Sementara itu, kepala desa Feng Dao menatap Xiaolin dengan tatapan penuh arti. Pria tua itu sudah terlalu lelah untuk berdebat. Dia tahu, sebagai pemimpin, dia seharusnya melindungi putrinya… tapi di hadapannya sekarang, seorang gadis lain telah mengambil tanggung jawab itu.
Akhirnya, dia menutup mata dan menghela napas panjang. "Lepaskan Xin Yu."
Seorang pria dengan wajah garang maju dan memotong tali yang mengikat tangan Xin Yu. Gadis itu langsung menarik tangannya dan mundur beberapa langkah, matanya masih tak lepas dari Xiaolin.
Sebaliknya, Xiaolin tetap berdiri di tempatnya, menunggu.

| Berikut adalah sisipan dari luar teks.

Definition is_syt (lam : seq nat) (t : filling lam) : bool :=
  [&& [forall c : cell lam, if in_diag lam (val c.1) (val c.2) then 0 < t c else val (t c) == 0],
      [forall c : cell lam, forall d : cell lam,
         [&& in_diag lam (val c.1) (val c.2), in_diag lam (val d.1) (val d.2) & t c == t d] ==> (c == d)],
      [forall c : cell lam, forall d : cell lam,
         [&& in_diag lam (val d.1) (val d.2), val c.1 == val d.1 & (val c.2).+1 == val d.2]
           ==> (val (t c) < val (t d))] &
      [forall c : cell lam, forall d : cell lam,
         [&& in_diag lam (val d.1) (val d.2), (val c.1).+1 == val d.1 & val c.2 == val d.2]
           ==> (val (t c) < val (t d))]].

Definition rowof (lam : seq nat) (t : filling lam) (m : nat) : nat :=
  if [pick c : cell lam | val (t c) == m] is Some c then val c.1 else 0.

Definition descent (lam : seq nat) (t : filling lam) (m : nat) : bool :=
  rowof t m < rowof t m.+1.

Definition des (lam : seq nat) (t : filling lam) : nat :=
  \sum_(1 <= m < sumn lam | descent t m) 1.

Definition maj (lam : seq nat) (t : filling lam) : nat :=
  \sum_(1 <= m < sumn lam | descent t m) m.

(* f_{lam,i}(q) as a polynomial in q = 'X with integer coefficients;
   by convention 0 when lam is not a partition. *)
Definition fpoly (lam : seq nat) (i : nat) : {poly int} :=
  (if is_partition lam then
    (\sum_(t : filling lam | is_syt t && (des t == i)) 'X^(maj t))%R
  else 0)%R.

(* lam^{down T}: subtract 1 from the parts with (0-based) index in T. *)
Definition lower (lam : seq nat) (T : pred nat) : seq nat :=
  [seq nth 0 lam i - T i | i <- iota 0 (size lam)].

From HB Require Import structures.
From mathcomp Require Import all_boot all_order all_algebra.
From mathcomp Require Import zify.
Import GRing.Theory.
(* Consider the weighted stochastic block model: there are $r$ latent communities labelled $1,\ldots,r$; each node $i$ is independently assigned a latent community $Z_i$ with $\mathbb{P}(Z_i=z)=p_z>0$ for $z=1,\ldots,r$; each unordered pair of distinct nodes $i\neq j$ carries a real-valued edge weight $X_{i,j}=X_{j,i}$, where, conditional on the community indicators, the edge weights are independent and $X_{i,j}$ has distribution function $F_{z_1,z_2}(x)=\mathbb{P}(X_{i,j}\le x\mid Z_i=z_1,Z_j=z_2)$. Let $F_z(x):=\sum_{z'=1}^r F_{z,z'}(x)\,p_{z'}=\mathbb{P}(X_{i,j}\le x\mid Z_i=z)$. Suppose that the functions $F_1,\ldots,F_r$ are linearly independent. Then the weighted stochastic block model, i.e. the number of communities $r$, the community distribution $\boldsymbol{p}=(p_1,\ldots,p_r)'$, and the conditional distributions $F_{z_1,z_2}$, $1\le z_1,z_2\le r$, is nonparametrically identified from the distribution of the edge weights, up to relabeling of the latent communities.
   Context: ''Nonparametrically identified up to relabeling'' means that any two weighted stochastic block models satisfying the assumptions and inducing the same joint distribution of observed edge weights have the same $r$ and have $(\boldsymbol{p},\{F_{z_1,z_2}\})$ equal up to a single permutation of the community labels, with no parametric restrictions imposed on the $F_{z_1,z_2}$. *)

From HB Require Import structures.
From mathcomp Require Import all_boot all_order all_algebra.
From mathcomp Require Import all_classical all_reals topology normedtype.
Set Implicit Arguments. Unset Strict Implicit. Unset Printing Implicit Defensive.
Import Order.TTheory GRing.Theory Num.Theory numFieldNormedType.Exports.
Local Open Scope ring_scope.
Local Open Scope classical_set_scope.

Definition is_cdf (R : realType) (F : R -> R) : Prop :=
  (forall x y : R, x <= y -> F x <= F y) /\
  (forall x : R, F @ x^'+ --> F x) /\
  (F @ -oo --> (0 : R)) /\
  (F @ +oo --> (1 : R)).

Definition wsbm (R : realType) (r : nat) (p : 'I_r -> R)
    (F : 'I_r -> 'I_r -> R -> R) : Prop :=
  (forall z, 0 < p z) /\
  (\sum_(z < r) p z = 1) /\
  (forall z1 z2, is_cdf (F z1 z2)) /\
  (forall z1 z2, F z1 z2 = F z2 z1).

Definition marg_cdf (R : realType) (r : nat) (p : 'I_r -> R)
    (F : 'I_r -> 'I_r -> R -> R) (z : 'I_r) (x : R) : R :=
  \sum_(z' < r) F z z' x * p z'.

Definition marg_lin_indep (R : realType) (r : nat) (p : 'I_r -> R)
    (F : 'I_r -> 'I_r -> R -> R) : Prop :=
  forall c : 'I_r -> R,
    (forall x : R, \sum_(z < r) c z * marg_cdf p F z x = 0) ->
    forall z, c z = 0.

(* Joint distribution function of the edge weights (X_ij)_{i<j} on n nodes:
   P(X_ij <= x i j for all i < j)
     = sum_{z : [n] -> [r]} prod_i p_{z_i} prod_{i<j} F_{z_i,z_j}(x i j). *)
Definition edge_joint_cdf (R : realType) (r : nat) (p : 'I_r -> R)
    (F : 'I_r -> 'I_r -> R -> R) (n : nat) (x : 'I_n -> 'I_n -> R) : R :=
  \sum_(z : {ffun 'I_n -> 'I_r})
     ((\prod_(i < n) p (z i)) *
      \prod_(i < n) \prod_(j < n | (i < j)%N) F (z i) (z j) (x i j)).

(* Let f_z and g_w be the marginal distribution functions of two models with
   the same edge distribution.  Sending to +oo all but three thresholds of a
   four-node star, the joint distribution function of the edge weights tends
   to the third moment sum_z p_z f_z(x) f_z(y) f_z(u); further limits give the
   second and first moments, and a four-node path gives
   sum_(a,b) p_a p_b F_ab(e) f_a(x) f_b(y); so both models have the same such
   moments.  Because the f_z are linearly independent, finitely many
   evaluation points carry a dual basis; contracting the second-moment
   identity with it puts each f_z in the span of the g_w, and contracting the
   third-moment identity twice shows that only one coordinate of f_z is
   nonzero, so f_z is a multiple of a single g_w, equal to it because both
   tend to 1.  The resulting matching of communities is injective both ways,
   hence a bijection, and linear independence then recovers the weights from
   the first moment and the F_ab from the path moment. *)

From HB Require Import structures.
From mathcomp Require Import all_boot all_order all_algebra.
From mathcomp Require Import all_classical all_reals topology normedtype.
From mathcomp Require Import ring.
Import Order.TTheory GRing.Theory Num.Theory numFieldNormedType.Exports.
Local Open Scope ring_scope.
Local Open Scope classical_set_scope.

Set Implicit Arguments. Unset Strict Implicit. Unset Printing Implicit Defensive.

Lemma sum_delta_mull (S : pzSemiRingType) (n : nat) (z : 'I_n) (h : 'I_n -> S) :
  \sum_(y < n) (z == y)%:R * h y = h z.
Proof.
rewrite (bigD1 z) //= eqxx mul1r big1 ?addr0 // => y /negbTE.
by rewrite eq_sym => ->; rewrite mul0r.
Qed.

Section LinearIndependence.
Variables (K : fieldType) (T : Type).

Definition lin_indep (r : nat) (f : 'I_r -> T -> K) : Prop :=
  forall c : 'I_r -> K,
    (forall x, \sum_(z < r) c z * f z x = 0) -> forall z, c z = 0.

Definition eval_mx (k r : nat) (f : 'I_r -> T -> K) (a : 'I_k -> T) : 'M[K]_(k, r) :=
  \matrix_(i, z) f z (a i).

Definition coord (k r : nat) (a : 'I_k -> T) (B : 'I_r -> 'I_k -> K)
    (h : T -> K) (u : 'I_r) : K :=
  \sum_(i < k) B u i * h (a i).

Definition dual_basis (r k : nat) (f : 'I_r -> T -> K) (a : 'I_k -> T)
    (B : 'I_r -> 'I_k -> K) : Prop :=
  forall y z, coord a B (f z) y = (y == z)%:R.

Lemma coord_sum (k r n : nat) (a : 'I_k -> T) (B : 'I_r -> 'I_k -> K)
    (h : T -> K) (m : 'I_n -> K) (g : 'I_n -> T -> K) :
  (forall x, h x = \sum_(w < n) m w * g w x) ->
  forall u, coord a B h u = \sum_(w < n) m w * coord a B (g w) u.
Proof.
move=> hE u; rewrite /coord; under eq_bigr do rewrite hE big_distrr /=.
rewrite exchange_big /=; apply: eq_bigr => w _; rewrite big_distrr /=.
by apply: eq_bigr => i _; rewrite mulrCA.
Qed.

Lemma dual_basis_coord (k r : nat) (g : 'I_r -> T -> K) (a : 'I_k -> T)
    (B : 'I_r -> 'I_k -> K) (h : T -> K) (m : 'I_r -> K) :
  dual_basis g a B -> (forall x, h x = \sum_(w < r) m w * g w x) ->
  forall u, coord a B h u = m u.
Proof.
move=> gB hE u; rewrite (coord_sum a B hE).
by under eq_bigr do rewrite gB mulrC; exact: sum_delta_mull.
Qed.

Variables (r : nat) (f : 'I_r -> T -> K).
Hypothesis f_indep : lin_indep f.

Lemma lin_indep_coef_eq (c d : 'I_r -> K) :
  (forall x, \sum_(z < r) c z * f z x = \sum_(z < r) d z * f z x) -> c =1 d.
Proof.
move=> cdE z; apply/eqP; rewrite -subr_eq0; apply/eqP.
apply: (f_indep (c := fun z => c z - d z)) => x.
by under eq_bigr do rewrite mulrBl; rewrite sumrB cdE subrr.
Qed.

Lemma lin_indep_coef2_eq (c d : 'I_r -> 'I_r -> K) :
  (forall x y, \sum_(a < r) \sum_(b < r) c a b * f a x * f b y =
               \sum_(a < r) \sum_(b < r) d a b * f a x * f b y) ->
  forall a b, c a b = d a b.
Proof.
move=> cdE a; apply: lin_indep_coef_eq => y; move: a.
apply: (lin_indep_coef_eq (c := fun a => \sum_(b < r) c a b * f b y)
  (d := fun a => \sum_(b < r) d a b * f b y)) => x.
have sumE (e : 'I_r -> 'I_r -> K) :
    \sum_(a < r) \sum_(b < r) e a b * f a x * f b y =
    \sum_(a < r) (\sum_(b < r) e a b * f b y) * f a x.
  by apply: eq_bigr => a _; rewrite big_distrl; apply: eq_bigr => b _; rewrite mulrAC.
by rewrite -!sumE cdE.
Qed.

Lemma lin_indep_inj : injective f.
Proof.
move=> z1 z2 f12.
have deltaE x : \sum_(z < r) (z1 == z)%:R * f z x = \sum_(z < r) (z2 == z)%:R * f z x.
  by rewrite !sum_delta_mull f12.
have := lin_indep_coef_eq deltaE z1; rewrite eqxx.
by case: (z2 =P z1) => [->|_] // /eqP; rewrite mulr1n mulr0n oner_eq0.
Qed.

Lemma lin_indep_neq0 z : exists x, f z x != 0.
Proof.
apply/not_existsP => f0.
have /eqP : (z == z)%:R = 0 :> K.
  apply: (f_indep (c := fun y => (z == y)%:R)) => x.
  by rewrite sum_delta_mull; apply/eqP/negPn/negP/f0.
by rewrite eqxx mulr1n oner_eq0.
Qed.

Lemma eval_mx_row_full (k : nat) (a : 'I_k -> T) :
  (forall b, (\row_z f z b <= eval_mx f a)%MS) -> row_full (eval_mx f a).
Proof.
move=> rows_sub; rewrite -cokermx_eq0; apply/eqP/matrixP => z j; rewrite [RHS]mxE.
move: z; apply: (f_indep (c := fun z => cokermx (eval_mx f a) z j)) => b.
have := rows_sub b; rewrite submxE => /eqP/matrixP/(_ 0 j); rewrite !mxE => rowE.
rewrite -[RHS]rowE; apply: eq_bigr => z _.
by rewrite mulrC; congr (_ * _); rewrite mxE.
Qed.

"Baiklah," salah satu warga akhirnya bersuara. "Persiapkan dia untuk upacara malam ini."
Dengan keputusan itu, warga mulai bergerak, menyiapkan persembahan dan ritual. Angin malam bertiup semakin dingin, membawa pertanda bahwa sesuatu yang mengerikan akan segera terjadi.
Dan Xiaolin… hanya bisa menunggu apa yang akan datang.